Foods containing sulfur and foods with appreciable purines cause me problems that I don't seem to be able to get over. I also like the idea that if you correct the problems in your gut, your body will produce b vitamins, folate, and others. That's the way it's supposed be.
Do you culture your own milk? If so, where do you buy your bifidobacterium strains? Do you use raw milk? Do you have an opinion about how much one should eat a day?
Thanks, I apprecated your information.
As you probably know, people with ME/CFS are known to have hyporuricemia. In this regard, I don't consider the low uric acid the problem, rather this is a consequence of the impaired metabolism of nitrogen, which I think is a consequence of dysbiosis. (Obviously limited cofactors like zinc, Mo, and low ATP don't help this).
It has taken me years to understand some of the food "sensitivities" and understand how to correct them. In fact this really came about by accident when I started "rebalancing" my intestinal microbiome and as a result became extremely sensitive to many foods. In other words large amounts of probiotic rich foods resulted in a very uncomfortable reaction to nitrogen-rich foods. The purine alkaloids were probably at the top of the list. I'm guessing this is what you are describing. It became clear that the displacement of normally pathogenic organisms left me without the full-complement of species required to handle nitrogen byproducts. That is, pathogenic organisms were filling a void and species like psuedomonas were reducing the toxic nitrogen metabolites to less harmful byproducts.

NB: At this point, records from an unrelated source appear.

(* The generating function $$G_{(231,312)}(x,p,q,y,z)=\sum_{n\ge 0}\ \sum_{\pi\in S_n(231,312)} x^n p^{\operatorname{asc}(\pi)} q^{\operatorname{des}(\pi)} y^{\operatorname{MNA}(\pi)} z^{\operatorname{MND}(\pi)}$$ is equal to $$\frac{1 + x + p x^2 y - p^2 x^2 y + q x^2 z - q^2 x^2 z - p q x^2 y z + p q x^3 y z - p^2 q x^3 y z - p q^2 x^3 y z}{1 - p^2 x^2 y - q^2 x^2 z - p q x^2 y z - p^2 q x^3 y z - p q^2 x^3 y z}.$$
   Context: For $n\ge 0$, $S_n$ denotes the set of permutations $\pi=\pi_1\pi_2\cdots\pi_n$ of $[n]=\{1,\dots,n\}$ ($S_0$ consists of the empty permutation, for which all statistics below are $0$). A permutation $\pi\in S_n$ avoids a pattern $\tau\in S_k$ if there are no indices $i_1<\dots<i_k$ such that $\pi_{i_a}<\pi_{i_b}$ if and only if $\tau_a<\tau_b$; $S_n(\tau,\rho)$ is the set of permutations in $S_n$ avoiding both $\tau$ and $\rho$. $\operatorname{asc}(\pi)$ (resp. $\operatorname{des}(\pi)$) is the number of $i\in[n-1]$ with $\pi_i<\pi_{i+1}$ (resp. $\pi_i>\pi_{i+1}$). $\operatorname{MNA}(\pi)$ is the maximum size of a set $I\subseteq[n-1]$ such that $\pi_i<\pi_{i+1}$ for all $i\in I$ and $|i-j|\ge 2$ for distinct $i,j\in I$; $\operatorname{MND}(\pi)$ is defined analogously with $\pi_i>\pi_{i+1}$. *)

From HB Require Import structures.
From mathcomp Require Import all_boot all_order all_algebra all_fingroup.
Set Implicit Arguments. Unset Strict Implicit. Unset Printing Implicit Defensive.
Import Order.TTheory GRing.Theory Num.Theory.

(* A permutation of [n] is represented by s : 'S_n (values 0..n-1, positions
   0..n-1); its one-line notation is the sequence of values. *)
Definition oneline (n : nat) (s : 'S_n) : seq nat :=
  [seq val (s i) | i <- enum 'I_n].

Definition avoids (n : nat) (s : 'S_n) (tau : seq nat) : bool :=
  ~~ [exists f : {ffun 'I_(size tau) -> 'I_n},
        [forall a : 'I_(size tau), forall b : 'I_(size tau),
           ((a < b) ==> (f a < f b)) &&
           ((s (f a) < s (f b)) == (nth 0 tau a < nth 0 tau b))]].

(* 0-based: position i (with i.+1 < n) is an ascent if s_i < s_{i+1} *)
Definition is_asc (n : nat) (s : 'S_n) (i : nat) : bool :=
  (i.+1 < n) && (nth 0 (oneline s) i < nth 0 (oneline s) i.+1).
Definition is_des (n : nat) (s : 'S_n) (i : nat) : bool :=
  (i.+1 < n) && (nth 0 (oneline s) i.+1 < nth 0 (oneline s) i).

Definition asc (n : nat) (s : 'S_n) : nat := count (is_asc s) (iota 0 n).
Definition des (n : nat) (s : 'S_n) : nat := count (is_des s) (iota 0 n).

Definition nonadj (n : nat) (I : {set 'I_n}) : bool :=
  [forall i in I, forall j in I, (i != j) ==> ((i.+1 < j) || (j.+1 < i))].

Definition MNA (n : nat) (s : 'S_n) : nat :=
  \max_(I : {set 'I_n} | [forall i in I, is_asc s i] && nonadj I) #|I|.
Definition MND (n : nat) (s : 'S_n) : nat :=
  \max_(I : {set 'I_n} | [forall i in I, is_des s i] && nonadj I) #|I|.

Local Open Scope ring_scope.

(* coefficient of x^n in G_{(231,312)}(x,p,q,y,z) *)
Definition Gcoef (R : comNzRingType) (p q y z : R) (n : nat) : R :=
  \sum_(s : 'S_n | avoids s [:: 2; 3; 1]%N && avoids s [:: 3; 1; 2]%N)
     p ^+ asc s * q ^+ des s * y ^+ MNA s * z ^+ MND s.

Definition Gnum (R : comNzRingType) (p q y z : R) : {poly R} :=
  let P := p%:P in let Q := q%:P in let Y := y%:P in let Z := z%:P in
  let x := 'X in
  1 + x + P * x^+2 * Y - P^+2 * x^+2 * Y + Q * x^+2 * Z - Q^+2 * x^+2 * Z
    - P * Q * x^+2 * Y * Z + P * Q * x^+3 * Y * Z - P^+2 * Q * x^+3 * Y * Z
    - P * Q^+2 * x^+3 * Y * Z.

Definition Gden (R : comNzRingType) (p q y z : R) : {poly R} :=
  let P := p%:P in let Q := q%:P in let Y := y%:P in let Z := z%:P in
  let x := 'X in
  1 - P^+2 * x^+2 * Y - Q^+2 * x^+2 * Z - P * Q * x^+2 * Y * Z
    - P^+2 * Q * x^+3 * Y * Z - P * Q^+2 * x^+3 * Y * Z.

From HB Require Import structures.
From mathcomp Require Import all_boot all_order all_algebra all_fingroup.
From mathcomp Require Import zify ring.
Set Implicit Arguments. Unset Strict Implicit. Unset Printing Implicit Defensive.
Import Order.TTheory GRing.Theory Num.Theory.

(* A permutation avoiding 231 and 312 is layered: its maximal runs of descents
   are decreasing blocks, and every value of a block exceeds all values of the
   blocks to its left.  It is therefore determined by its descent word, and
   every boolean word of length n-1 occurs.  All four statistics are read off
   that word (MNA and MND by a greedy count), so the coefficient of x^n is a sum
   of weights over all words.  Reading a word letter by letter, remembering
   whether the previous ascent or descent was taken by the greedy count, gives
   a three-state transfer recursion; eliminating the two auxiliary states yields
     G_(n+4) = (p^2 y + q^2 z + p q y z) G_(n+2) + (p^2 q + p q^2) y z G_(n+1),
   which is the denominator, and the numerator is fixed by G_0, ..., G_3. *)

(** * Maximal sets of non-adjacent positions *)

Fixpoint mna (l : seq bool) : nat :=
  match l with
  | [::] => 0
  | false :: l' => mna l'
  | true :: [::] => 1
  | true :: _ :: l'' => (mna l'').+1
  end.

Fixpoint mna_witness (l : seq bool) : seq bool :=
  match l with
  | [::] => [::]
  | false :: l' => false :: mna_witness l'
  | true :: [::] => [:: true]
  | true :: _ :: l'' => true :: false :: mna_witness l''
  end.

Fixpoint mna_ind (P : seq bool -> Prop) (P0 : P [::])
    (Pfalse : forall l, P l -> P (false :: l)) (P1 : P [:: true])
    (Ptrue : forall x l, P l -> P (true :: x :: l)) (l : seq bool) : P l :=
  match l with
  | [::] => P0
  | false :: l' => Pfalse l' (mna_ind P0 Pfalse P1 Ptrue l')
  | true :: [::] => P1
  | true :: x :: l'' => Ptrue x l'' (mna_ind P0 Pfalse P1 Ptrue l'')
  end.

Lemma mna_true (l : seq bool) : mna (true :: l) = (mna (behead l)).+1.
Proof. by case: l. Qed.

Lemma mna_rcons_false (l : seq bool) : mna (rcons l false) = mna l.
Proof. by elim/mna_ind: l => [|l IHl||x l IHl] //=; rewrite ?IHl. Qed.

Lemma size_mna_witness (l : seq bool) : size (mna_witness l) = size l.
Proof. by elim/mna_ind: l => [|l IHl||x l IHl] //=; rewrite ?IHl. Qed.

Lemma count_mna_witness (l : seq bool) : count id (mna_witness l) = mna l.
Proof. by elim/mna_ind: l => [|l IHl||x l IHl] //=; rewrite ?IHl. Qed.

Lemma mna_witness_sub (l : seq bool) (i : nat) :
  nth false (mna_witness l) i -> nth false l i.
Proof. by elim/mna_ind: l i => [|l IHl||x l IHl] [|[|i]] //=; apply: IHl. Qed.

At first I was looking for a microbial solution to rebalance the nitrogen "problem," but the solution ended up being much more comprehensive. The solution I came up with was that those organisms that were most beneficial were truly anearobic species, and it was my conclusion that the lack of commensal anaerobes was what was keeping me (and probably others) from healing the gut, lessening the immune response, translocating bacteria, etc.
Bifidobacteria and their unique hexose metabolism and certain species of LAB that rely upon obligative heterofermentation appear to be the winners. The similarities in what would happen if one developed a scarcity of these organisms is really striking when compared to the observations in ME/CFS. In fact I have come to find many more similarities in other seemingly unrelated diseases. Disruptions in the purine/pyrimidine metabolism have just in the last year been identified in a number of GI diseases, and riboflavin perturbations are also common as are SCFA imbalances. These are signatures of bifidobacteria. I've also learned that the importance and numbers of Bifidobacteria have been greatly underestimated, and traditional tests not combined with pcr analysis are not likely useful.
Through careful testing, I learned that single strain bifidobacteria yields much more potent results, especially when compared to LAB mixed with bifido strains. A commercial starter culture will be dominated by LAB, and many of these homofermentative strains are not desirable. They are energetically inefficient.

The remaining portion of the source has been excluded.